Start of DATA RECORDS
Lemma card_le_total : card_le A B \/ card_le B A.
Proof.
  assert (t0 : {R | partial_bijection R}).
  { exists (fun _ _ => False). split; intros; contradiction. }
  destruct (zorn_premaximal _ t0
              (fun s t : {R | partial_bijection R} => sub_relation (proj1_sig s) (proj1_sig t)))
    as [[R HR] Rmax].
  - intros s a b; auto.
  - intros r s t H1 H2 a b H; auto.
  - exact partial_bijection_chain_ub.
  - destruct (maximal_partial_bijection_full R HR) as [Htot|Hsurj].
    + intros R' HR'. exact (Rmax (exist _ R' HR')).
    + left. exists (fun a => proj1_sig (constructive_indefinite_description _ (Htot a))).
      intros x y E.
      destruct (constructive_indefinite_description _ (Htot x)) as [b Hb].
      destruct (constructive_indefinite_description _ (Htot y)) as [b' Hb']. simpl in E.
      subst. exact (proj2 HR _ _ _ Hb Hb').
    + right. exists (fun b => proj1_sig (constructive_indefinite_description _ (Hsurj b))).
      intros x y E.
      destruct (constructive_indefinite_description _ (Hsurj x)) as [a Ha].
      destruct (constructive_indefinite_description _ (Hsurj y)) as [a' Ha']. simpl in E.
      subst. exact (proj1 HR _ _ _ Ha Ha').
Qed.

End Comparability.

Section Pairings.
Variables (A : Type) (i : nat -> A).
Hypothesis i_inj : forall m n, i m = i n -> m = n.

(* The domain contains the copy [i] of [nat], which supplies the tags [i 0] and [i 1]. *)
Record pairing := Pairing {
  pdom : A -> Prop;
  pmap : A -> A -> A;
  pdom_nat : forall n, pdom (i n);
  pmap_dom : forall x y, pdom x -> pdom y -> pdom (pmap x y);
  pmap_inj : forall x y x' y', pdom x -> pdom y -> pdom x' -> pdom y' ->
     pmap x y = pmap x' y' -> x = x' /\ y = y' }.

Definition pairing_le (p q : pairing) : Prop :=
  (forall x, pdom p x -> pdom q x) /\
  (forall x y, pdom p x -> pdom p y -> pmap p x y = pmap q x y).

Definition nat_index (x : A) : nat := epsilon (inhabits 0) (fun n => i n = x).

Lemma nat_index_i n : nat_index (i n) = n.
Proof.
  apply i_inj. unfold nat_index.
  apply (epsilon_spec (inhabits 0) (fun m => i m = i n)). eauto.
Qed.

Definition nat_pairing : pairing.
Proof.
  refine (Pairing (fun x => exists n, i n = x)
            (fun x y => i (Cantor.to_nat (nat_index x, nat_index y))) _ _ _).
  - intros n; eauto.
  - intros; eauto.
  - intros x y x' y' [a <-] [b <-] [c <-] [d <-] E.
    apply i_inj, (f_equal Cantor.of_nat) in E. rewrite !Cantor.cancel_of_to, !nat_index_i in E.
    injection E as -> ->. auto.
Defined.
End of DATA RECORDS
◆ TASK REQUIREMENTS ◆
What you return must be the line that contains "pmap_inj : forall" followed by every remaining line of the material, all exactly as written and nothing more.

◆ EXERCISE RESULT ◆
  pmap_inj : forall x y x' y', pdom x -> pdom y -> pdom x' -> pdom y' ->
     pmap x y = pmap x' y' -> x = x' /\ y = y' }.

Definition pairing_le (p q : pairing) : Prop :=
  (forall x, pdom p x -> pdom q x) /\
  (forall x y, pdom p x -> pdom p y -> pmap p x y = pmap q x y).

Definition nat_index (x : A) : nat := epsilon (inhabits 0) (fun n => i n = x).

Lemma nat_index_i n : nat_index (i n) = n.
Proof.
  apply i_inj. unfold nat_index.
  apply (epsilon_spec (inhabits 0) (fun m => i m = i n)). eauto.
Qed.

Definition nat_pairing : pairing.
Proof.
  refine (Pairing (fun x => exists n, i n = x)
            (fun x y => i (Cantor.to_nat (nat_index x, nat_index y))) _ _ _).
  - intros n; eauto.
  - intros; eauto.
  - intros x y x' y' [a <-] [b <-] [c <-] [d <-] E.
    apply i_inj, (f_equal Cantor.of_nat) in E. rewrite !Cantor.cancel_of_to, !nat_index_i in E.
    injection E as -> ->. auto.
Defined.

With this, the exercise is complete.